Google Handwriting Input in 82 languages on your Android mobile device - cleverjake
http://googleresearch.blogspot.com/2015/04/google-handwriting-input-in-82.html
======
noteloop
The language support is quite impressive with support for latin, CJK and even
indic scripts. Notable omissions include RTL scripts like Arabic and Hebrew.

From:
[https://support.google.com/faqs/faq/6188721](https://support.google.com/faqs/faq/6188721)
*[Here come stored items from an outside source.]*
(* Consider the packet spreading algorithm described in the context with any $N\ge 2$ and positive integers $K_1,\dots,K_N$. Then for every $n\in\{1,\dots,N\}$: $x_n^{K-1}=K_n$ (the output pattern of length $K$ contains exactly $K_n$ occurrences of source $n$), $\tilde Q_n^K=\frac{1}{K_n}$, and consequently $B_n^K=0$.
   Context: Packet spreading algorithm: Let $N\ge 2$, let $K_1,\dots,K_N$ be positive integers and $K=\sum_{n=1}^N K_n$. The algorithm runs iterations $k=0,1,\dots,K-1$ and maintains deficit counters $B_n^k$, $1\le n\le N$, with $B_n^0=0$ for all $n$. In iteration $k$, define the quantums $Q_n^k=\frac{(1-B_n^k)K}{K_n}$; select a source $m_k\in\arg\min_{1\le n\le N} Q_n^k$ (ties broken arbitrarily); let $Q=Q_{m_k}^k$; set $B_n^{k+1}=B_n^k+Q\frac{K_n}{K}$ for $n\neq m_k$ and $B_{m_k}^{k+1}=0$; and set the $k$-th entry of the output pattern to $P(k)=m_k$. (Thus $B_n^{K}$ is defined after the last iteration.) Normalized quantums: $\tilde Q_n^k=Q_n^k/K=(1-B_n^k)/K_n$. For $0\le k\le K-1$, $x_n^k$ denotes the number of indices $k'\in\{0,\dots,k\}$ with $m_{k'}=n$. *)

From HB Require Import structures.
From mathcomp Require Import all_boot all_order all_algebra.
Set Implicit Arguments. Unset Strict Implicit. Unset Printing Implicit Defensive.
Import Order.TTheory GRing.Theory Num.Theory.
Local Open Scope ring_scope.

Section PacketSpreading.
Variables (R : realFieldType) (N : nat) (Kn : 'I_N -> nat).

Definition Ktot : nat := (\sum_(n < N) Kn n)%N.

Definition quantum (B : 'I_N -> R) (n : 'I_N) : R :=
  (1 - B n) * (Ktot%:R) / (Kn n)%:R.

Definition nquantum (B : 'I_N -> R) (n : 'I_N) : R :=
  quantum B n / (Ktot%:R).

Definition Bstep (B : 'I_N -> R) (m : 'I_N) : 'I_N -> R :=
  fun n => if n == m then 0 else B n + quantum B m * (Kn n)%:R / (Ktot%:R).

Fixpoint deficit (m : nat -> 'I_N) (k : nat) : 'I_N -> R :=
  match k with
  | 0 => fun _ => 0
  | k'.+1 => Bstep (deficit m k') (m k')
  end.

Definition valid_run (m : nat -> 'I_N) : Prop :=
  forall k, (k < Ktot)%N ->
    forall n : 'I_N, quantum (deficit m k) (m k) <= quantum (deficit m k) n.

Definition xcount (m : nat -> 'I_N) (n : 'I_N) (k : nat) : nat :=
  count (fun k' => m k' == n) (iota 0 k.+1).

End PacketSpreading.

(* Write c_n^k for the number of times source n was selected in iterations
   0..k-1.  One iteration lowers every normalized quantum by that of the selected
   source m, except for m itself, which is reset to 1/K_m; by induction
   Q~_n^k = (c_n^k + 1)/K_n - T_k for a common offset T_k.  Hence the algorithm
   always selects a source minimising (c_n^k + 1)/K_n.  A source with c_n^k = K_n
   has ratio > 1, while before iteration K some source still has c_n^k < K_n and
   ratio <= 1, so no count ever exceeds K_n; as the counts sum to K after K
   iterations, c_n^K = K_n for all n.  The last offset is then
   T_K = (c_m^(K-1) + 1)/K_m = 1, which gives Q~_n^K = 1/K_n and B_n^K = 0. *)
From HB Require Import structures.
From mathcomp Require Import all_boot all_order all_algebra.
From mathcomp Require Import zify ring lra.
Import Order.TTheory GRing.Theory Num.Theory.
Local Open Scope ring_scope.

Set Implicit Arguments.
Unset Strict Implicit.

Lemma leq_sum_eq (I : finType) (E1 E2 : I -> nat) :
  (forall i, E1 i <= E2 i)%N -> (\sum_i E1 i = \sum_i E2 i)%N ->
  forall i, E1 i = E2 i.
Proof.
move=> le12 eq12 i.
have /leqif_sum sum_leqif : forall i, true -> (E1 i <= E2 i ?= iff (E1 i == E2 i))%N.
  by move=> j _; apply/leqif_eq/le12.
by move: (sum_leqif.2); rewrite eq12 eqxx => /esym/forall_inP/(_ i isT)/eqP.
Qed.

Lemma ler_ratio_nat (R : numFieldType) (a b c d : nat) : (0 < b)%N -> (0 < d)%N ->
  (a%:R / b%:R <= c%:R / d%:R :> R) = (a * d <= c * b)%N.
Proof.
move=> b_gt0 d_gt0.
by rewrite ler_pdivrMr ?ltr0n // mulrAC ler_pdivlMr ?ltr0n // -!natrM ler_nat.
Qed.

Section Selections.
Variables (N : nat) (m : nat -> 'I_N).

Definition nselected (k : nat) (n : 'I_N) : nat :=
  count (fun k' => m k' == n) (iota 0 k).

Lemma nselectedS k n : nselected k.+1 n = (nselected k n + (m k == n))%N.
Proof. by rewrite /nselected -addn1 iotaD count_cat /= add0n addn0. Qed.

Lemma sum_nselected k : (\sum_n nselected k n)%N = k.
Proof.
elim: k => [|k IHk]; first by rewrite big1.
under eq_bigr => n _ do rewrite nselectedS.
rewrite big_split /= IHk (bigD1 (m k)) //= eqxx big1 ?addn0 ?addn1 // => n.
by rewrite eq_sym => /negPf ->.
Qed.

Lemma xcountE n k : xcount m n k = nselected k.+1 n.
Proof. by []. Qed.

End Selections.

Section PacketSpreading.
Variables (R : realFieldType) (N : nat) (Kn : 'I_N -> nat).
Hypothesis Kn_gt0 : forall n, (0 < Kn n)%N.

Local Notation K := (Ktot Kn).

Lemma Ktot_gt0 (n : 'I_N) : (0 < K)%N.
Proof. by rewrite /Ktot (bigD1 n) //= ltn_addr. Qed.

Lemma Kn_neq0 n : (Kn n)%:R != 0 :> R.
Proof. by rewrite pnatr_eq0 -lt0n. Qed.

Lemma Ktot_neq0 (n : 'I_N) : K%:R != 0 :> R.
Proof. by rewrite pnatr_eq0 -lt0n (Ktot_gt0 n). Qed.

Lemma nquantumE (B : 'I_N -> R) n : nquantum Kn B n = (1 - B n) / (Kn n)%:R.
Proof. by rewrite /nquantum /quantum mulrAC mulfK ?(Ktot_neq0 n). Qed.

Lemma ler_quantum (B : 'I_N -> R) i j :
  (quantum Kn B i <= quantum Kn B j) = (nquantum Kn B i <= nquantum Kn B j).
Proof. by rewrite /nquantum ler_pM2r // invr_gt0 ltr0n (Ktot_gt0 i). Qed.

Lemma nquantum_Bstep (B : 'I_N -> R) m0 n :
  nquantum Kn (Bstep Kn B m0) n =
  if n == m0 then (Kn n)%:R^-1 else nquantum Kn B n - nquantum Kn B m0.
Proof.
rewrite !nquantumE /Bstep; case: eqP => _; first by rewrite subr0 mul1r.
rewrite /quantum; field.
by rewrite !Kn_neq0 (Ktot_neq0 n).
Qed.

Variable m : nat -> 'I_N.

Local Notation deficit := (@deficit R N Kn m).
Local Notation ratio k n := ((nselected m k n).+1%:R / (Kn n)%:R : R).

Lemma nquantum_deficit_step k T :
  (forall n, nquantum Kn (deficit k) n = ratio k n - T) ->
  forall n, nquantum Kn (deficit k.+1) n = ratio k.+1 n - ratio k (m k).
Proof.
move=> nqE n; rewrite /= nquantum_Bstep !nqE nselectedS.
case: eqP => [->|/eqP nk]; last by rewrite eq_sym (negPf nk) addn0; ring.
by rewrite eqxx addn1; field; apply: Kn_neq0.
Qed.

Lemma nquantum_deficit k : exists T, forall n, nquantum Kn (deficit k) n = ratio k n - T.
Proof.
elim: k => [|k [T /nquantum_deficit_step nqS]]; last by exists (ratio k (m k)).
by exists 0 => n; rewrite nquantumE !subr0 mul1r.
Qed.

Lemma nquantum_deficitS k n :
  nquantum Kn (deficit k.+1) n = ratio k.+1 n - ratio k (m k).
Proof. by have [T /nquantum_deficit_step] := nquantum_deficit k; apply. Qed.

Hypothesis m_valid : valid_run R Kn m.

(* A saturated source has ratio > 1, whereas an unsaturated one has ratio <= 1. *)
Lemma nselected_le k n : (k <= K)%N -> (nselected m k n <= Kn n)%N.
Proof.
elim: k => [//|k IHk] lt_k; have le_k := IHk (ltnW lt_k).
rewrite nselectedS; case: eqP => [mk|_]; last by rewrite addn0 le_k.
rewrite addn1 ltn_neqAle le_k andbT; apply/eqP => saturated.
have [n' lt_n'] : exists n', (nselected m k n' < Kn n')%N.
  apply/existsP; apply: contraLR lt_k => /existsPn unsat.
  rewrite -leqNgt -[k in (_ <= k)%N](sum_nselected m) leq_sum // => i _.
  by rewrite leqNgt unsat.
have [T nqE] := nquantum_deficit k.
have := m_valid lt_k n'; rewrite ler_quantum !nqE lerD2r mk.
by rewrite ler_ratio_nat // saturated; move: (Kn_gt0 n) lt_n'; nia.
Qed.

Lemma nselected_Ktot n : nselected m K n = Kn n.
Proof.
apply: leq_sum_eq n => [n|]; first exact: nselected_le.
by rewrite sum_nselected.
Qed.

End PacketSpreading.

Theorem mainTheorem5 (R : realFieldType) (N : nat) (Kn : 'I_N -> nat)
    (m : nat -> 'I_N) :
  (1 < N)%N ->
  (forall n, (0 < Kn n)%N) ->
  @valid_run R N Kn m ->
  forall n : 'I_N,
    xcount m n (Ktot Kn).-1 = Kn n /\
    @nquantum R N Kn (@deficit R N Kn m (Ktot Kn)) n = ((Kn n)%:R)^-1 /\
    @deficit R N Kn m (Ktot Kn) n = 0.
Proof.
move=> _ Kn_gt0 m_valid n.
have K_pred : (Ktot Kn).-1.+1 = Ktot Kn by rewrite prednK // (Ktot_gt0 Kn_gt0 n).
have last_count : forall i, nselected m (Ktot Kn).-1.+1 i = Kn i.
  by move=> i; rewrite K_pred (nselected_Ktot Kn_gt0 m_valid).
have last_offset : (nselected m (Ktot Kn).-1 (m (Ktot Kn).-1)).+1 = Kn (m (Ktot Kn).-1).
  by rewrite -addn1 -(last_count (m _)) nselectedS eqxx.
have nq_last : nquantum Kn (deficit R Kn m (Ktot Kn)) n = (Kn n)%:R^-1.
  rewrite -K_pred (nquantum_deficitS R Kn_gt0) last_offset last_count.
  by field; rewrite !Kn_neq0.
split; first by rewrite xcountE last_count.
split=> //; move: nq_last; rewrite nquantumE // => /(congr1 ( *%R^~ (Kn n)%:R)).
by rewrite divfK ?mulVf ?Kn_neq0 //; lra.
Qed.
At the moment Google Handwriting Input supports 82 languages: Afrikaans,
Albanian, Azerbaijani, Basque, Belarusian, Bengali, Bosnian, Bulgarian,
Cantonese, Catalan, Cebuano, Chinese, Chinese (Simplified), Chinese
(Traditional), Croatian, Czech, Danish, Dutch, English, Esperanto, Estonian,
Filipino, Finnish, French, Galician, German, Greek, Gujarati, Haitian, Hindi,
Hmong, Hungarian, Icelandic, Indonesian, Irish, Italian, Japanese, Javanese,
Kannada, Khmer, Korean, Kurdish, Kyrgyz, Lao, Latin, Latvian, Lithuanian,
Macedonian, Malagasy, Malay, Malayalam, Maltese, Maori, Marathi, Mongolian,
Nepali, Norwegian, Nyanja, Odia, Polish, Portuguese, Punjabi, Romanian,
Russian, Serbian, Sinhala, Slovak, Slovenian, Somalian, Spanish, Sundanese,
Swahili, Swedish, Tamil, Telugu, Thai, Turkish, Ukrainian, Vietnamese, Welsh,
Xhosa, Zulu